:: Work task ::
In the records below, how many lines hold the string "Hsub"? Give only the number.

Excerpts from a dataset:
......

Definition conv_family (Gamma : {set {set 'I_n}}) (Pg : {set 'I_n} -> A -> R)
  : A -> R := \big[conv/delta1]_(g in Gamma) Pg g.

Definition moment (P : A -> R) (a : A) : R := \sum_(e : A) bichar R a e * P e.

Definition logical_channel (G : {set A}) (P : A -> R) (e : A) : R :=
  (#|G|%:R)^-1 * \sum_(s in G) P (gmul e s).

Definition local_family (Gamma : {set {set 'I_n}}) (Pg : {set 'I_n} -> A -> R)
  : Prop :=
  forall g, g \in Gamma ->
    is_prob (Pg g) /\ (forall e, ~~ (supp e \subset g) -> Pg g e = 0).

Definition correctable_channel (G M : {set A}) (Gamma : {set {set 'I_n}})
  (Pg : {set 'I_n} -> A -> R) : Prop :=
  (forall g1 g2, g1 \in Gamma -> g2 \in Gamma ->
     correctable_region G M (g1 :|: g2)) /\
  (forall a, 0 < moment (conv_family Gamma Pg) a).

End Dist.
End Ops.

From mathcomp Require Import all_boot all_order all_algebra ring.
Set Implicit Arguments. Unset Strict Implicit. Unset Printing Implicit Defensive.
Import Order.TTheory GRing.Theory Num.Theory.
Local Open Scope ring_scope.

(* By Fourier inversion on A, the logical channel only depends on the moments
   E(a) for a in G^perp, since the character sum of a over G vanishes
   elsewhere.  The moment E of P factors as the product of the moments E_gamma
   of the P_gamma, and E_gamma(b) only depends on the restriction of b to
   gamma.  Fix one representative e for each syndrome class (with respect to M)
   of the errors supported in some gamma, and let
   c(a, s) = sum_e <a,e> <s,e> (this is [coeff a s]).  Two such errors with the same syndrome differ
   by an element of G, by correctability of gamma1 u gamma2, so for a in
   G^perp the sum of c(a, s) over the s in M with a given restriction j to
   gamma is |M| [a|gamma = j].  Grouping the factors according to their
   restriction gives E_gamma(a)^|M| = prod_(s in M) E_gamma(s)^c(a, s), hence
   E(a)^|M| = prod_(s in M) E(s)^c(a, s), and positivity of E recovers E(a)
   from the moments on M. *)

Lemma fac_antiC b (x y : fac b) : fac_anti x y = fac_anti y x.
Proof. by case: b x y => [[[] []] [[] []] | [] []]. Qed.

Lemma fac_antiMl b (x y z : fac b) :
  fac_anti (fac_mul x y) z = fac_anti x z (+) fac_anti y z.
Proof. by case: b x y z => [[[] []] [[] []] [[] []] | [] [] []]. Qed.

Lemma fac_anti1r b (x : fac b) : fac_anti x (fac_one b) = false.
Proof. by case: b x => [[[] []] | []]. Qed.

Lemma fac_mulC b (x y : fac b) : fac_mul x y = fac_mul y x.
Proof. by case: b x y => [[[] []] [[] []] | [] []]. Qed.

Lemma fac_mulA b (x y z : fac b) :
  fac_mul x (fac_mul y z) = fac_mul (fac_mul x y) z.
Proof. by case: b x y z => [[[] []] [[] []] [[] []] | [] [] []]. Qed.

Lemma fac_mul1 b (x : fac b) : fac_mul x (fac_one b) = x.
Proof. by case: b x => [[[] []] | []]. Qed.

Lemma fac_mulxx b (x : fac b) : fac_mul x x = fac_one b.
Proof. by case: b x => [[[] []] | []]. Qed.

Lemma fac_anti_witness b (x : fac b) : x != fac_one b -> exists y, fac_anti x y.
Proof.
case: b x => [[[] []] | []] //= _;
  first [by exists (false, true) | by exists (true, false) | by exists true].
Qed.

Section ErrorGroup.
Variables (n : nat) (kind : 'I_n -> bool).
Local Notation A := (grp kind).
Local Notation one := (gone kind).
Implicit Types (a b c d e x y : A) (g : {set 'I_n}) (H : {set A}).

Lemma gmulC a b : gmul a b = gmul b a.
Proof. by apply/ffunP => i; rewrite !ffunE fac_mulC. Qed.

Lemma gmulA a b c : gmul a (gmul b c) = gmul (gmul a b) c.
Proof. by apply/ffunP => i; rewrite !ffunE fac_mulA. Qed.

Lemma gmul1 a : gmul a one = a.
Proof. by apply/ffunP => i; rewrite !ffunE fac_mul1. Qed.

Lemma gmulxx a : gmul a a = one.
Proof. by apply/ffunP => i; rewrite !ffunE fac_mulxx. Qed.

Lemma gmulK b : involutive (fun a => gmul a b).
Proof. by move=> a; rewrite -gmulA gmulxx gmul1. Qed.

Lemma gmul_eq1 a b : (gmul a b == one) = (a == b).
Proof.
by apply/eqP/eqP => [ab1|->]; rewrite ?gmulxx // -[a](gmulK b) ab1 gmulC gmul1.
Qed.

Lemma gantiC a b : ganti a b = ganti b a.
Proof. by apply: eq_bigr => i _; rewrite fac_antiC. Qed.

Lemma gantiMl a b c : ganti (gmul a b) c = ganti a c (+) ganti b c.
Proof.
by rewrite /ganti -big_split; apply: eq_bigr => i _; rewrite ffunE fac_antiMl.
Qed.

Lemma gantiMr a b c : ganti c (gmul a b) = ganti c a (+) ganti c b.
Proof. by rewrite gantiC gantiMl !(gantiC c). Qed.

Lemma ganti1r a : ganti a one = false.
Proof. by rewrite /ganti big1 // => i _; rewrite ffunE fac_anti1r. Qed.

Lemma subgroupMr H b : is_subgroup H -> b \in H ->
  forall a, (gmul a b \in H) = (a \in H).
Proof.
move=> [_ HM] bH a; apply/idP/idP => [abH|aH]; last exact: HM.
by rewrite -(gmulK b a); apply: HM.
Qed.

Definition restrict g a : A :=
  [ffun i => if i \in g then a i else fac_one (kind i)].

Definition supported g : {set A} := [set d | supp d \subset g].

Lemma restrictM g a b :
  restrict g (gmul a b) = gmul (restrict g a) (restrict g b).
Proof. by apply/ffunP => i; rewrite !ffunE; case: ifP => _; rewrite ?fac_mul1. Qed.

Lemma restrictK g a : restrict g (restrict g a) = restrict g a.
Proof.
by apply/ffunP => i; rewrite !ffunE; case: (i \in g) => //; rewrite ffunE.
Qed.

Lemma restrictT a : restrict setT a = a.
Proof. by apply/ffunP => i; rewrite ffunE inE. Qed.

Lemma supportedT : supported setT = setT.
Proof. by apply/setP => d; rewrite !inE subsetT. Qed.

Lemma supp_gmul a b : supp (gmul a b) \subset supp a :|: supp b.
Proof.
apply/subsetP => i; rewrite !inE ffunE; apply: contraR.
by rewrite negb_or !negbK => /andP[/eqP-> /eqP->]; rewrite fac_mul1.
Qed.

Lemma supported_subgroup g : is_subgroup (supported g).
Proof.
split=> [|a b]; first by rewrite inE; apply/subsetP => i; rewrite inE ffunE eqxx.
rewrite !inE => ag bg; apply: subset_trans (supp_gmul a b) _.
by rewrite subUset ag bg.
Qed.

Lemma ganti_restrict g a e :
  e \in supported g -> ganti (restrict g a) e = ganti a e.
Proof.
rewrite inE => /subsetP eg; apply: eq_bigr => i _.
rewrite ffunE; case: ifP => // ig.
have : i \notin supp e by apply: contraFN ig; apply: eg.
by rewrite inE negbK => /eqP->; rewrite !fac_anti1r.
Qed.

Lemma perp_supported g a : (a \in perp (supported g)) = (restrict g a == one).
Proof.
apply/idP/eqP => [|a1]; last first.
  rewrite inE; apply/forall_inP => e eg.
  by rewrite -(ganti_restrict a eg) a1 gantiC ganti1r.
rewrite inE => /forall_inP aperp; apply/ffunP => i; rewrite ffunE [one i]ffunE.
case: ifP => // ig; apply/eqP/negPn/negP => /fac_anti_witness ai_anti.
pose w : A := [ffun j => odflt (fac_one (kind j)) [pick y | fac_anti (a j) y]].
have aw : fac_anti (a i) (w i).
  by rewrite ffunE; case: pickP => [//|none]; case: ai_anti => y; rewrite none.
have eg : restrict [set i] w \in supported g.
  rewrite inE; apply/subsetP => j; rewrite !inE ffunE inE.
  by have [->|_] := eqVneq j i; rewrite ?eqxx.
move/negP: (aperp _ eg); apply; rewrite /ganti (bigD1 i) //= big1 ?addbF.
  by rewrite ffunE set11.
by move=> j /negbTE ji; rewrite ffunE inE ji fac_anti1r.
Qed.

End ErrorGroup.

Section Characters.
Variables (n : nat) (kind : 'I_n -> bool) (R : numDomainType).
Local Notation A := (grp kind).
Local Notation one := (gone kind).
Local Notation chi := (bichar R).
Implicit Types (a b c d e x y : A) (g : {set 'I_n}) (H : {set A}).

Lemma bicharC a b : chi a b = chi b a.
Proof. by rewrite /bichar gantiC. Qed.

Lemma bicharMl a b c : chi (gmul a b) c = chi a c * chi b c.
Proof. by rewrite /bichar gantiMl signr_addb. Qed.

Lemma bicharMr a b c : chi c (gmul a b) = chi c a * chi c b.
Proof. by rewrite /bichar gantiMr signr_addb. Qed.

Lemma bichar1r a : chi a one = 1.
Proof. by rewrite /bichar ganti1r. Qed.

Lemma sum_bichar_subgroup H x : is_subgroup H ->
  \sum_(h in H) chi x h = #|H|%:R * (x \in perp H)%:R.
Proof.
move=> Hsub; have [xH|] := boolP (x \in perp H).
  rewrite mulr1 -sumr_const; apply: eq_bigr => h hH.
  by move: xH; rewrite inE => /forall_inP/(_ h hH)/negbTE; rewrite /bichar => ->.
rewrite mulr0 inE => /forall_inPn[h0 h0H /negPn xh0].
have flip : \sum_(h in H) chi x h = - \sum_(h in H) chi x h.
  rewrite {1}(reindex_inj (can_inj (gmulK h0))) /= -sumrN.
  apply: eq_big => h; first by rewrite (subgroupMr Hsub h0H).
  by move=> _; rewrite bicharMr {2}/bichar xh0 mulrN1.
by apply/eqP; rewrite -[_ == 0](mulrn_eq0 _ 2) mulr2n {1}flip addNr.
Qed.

......

:: Solved problem ::
2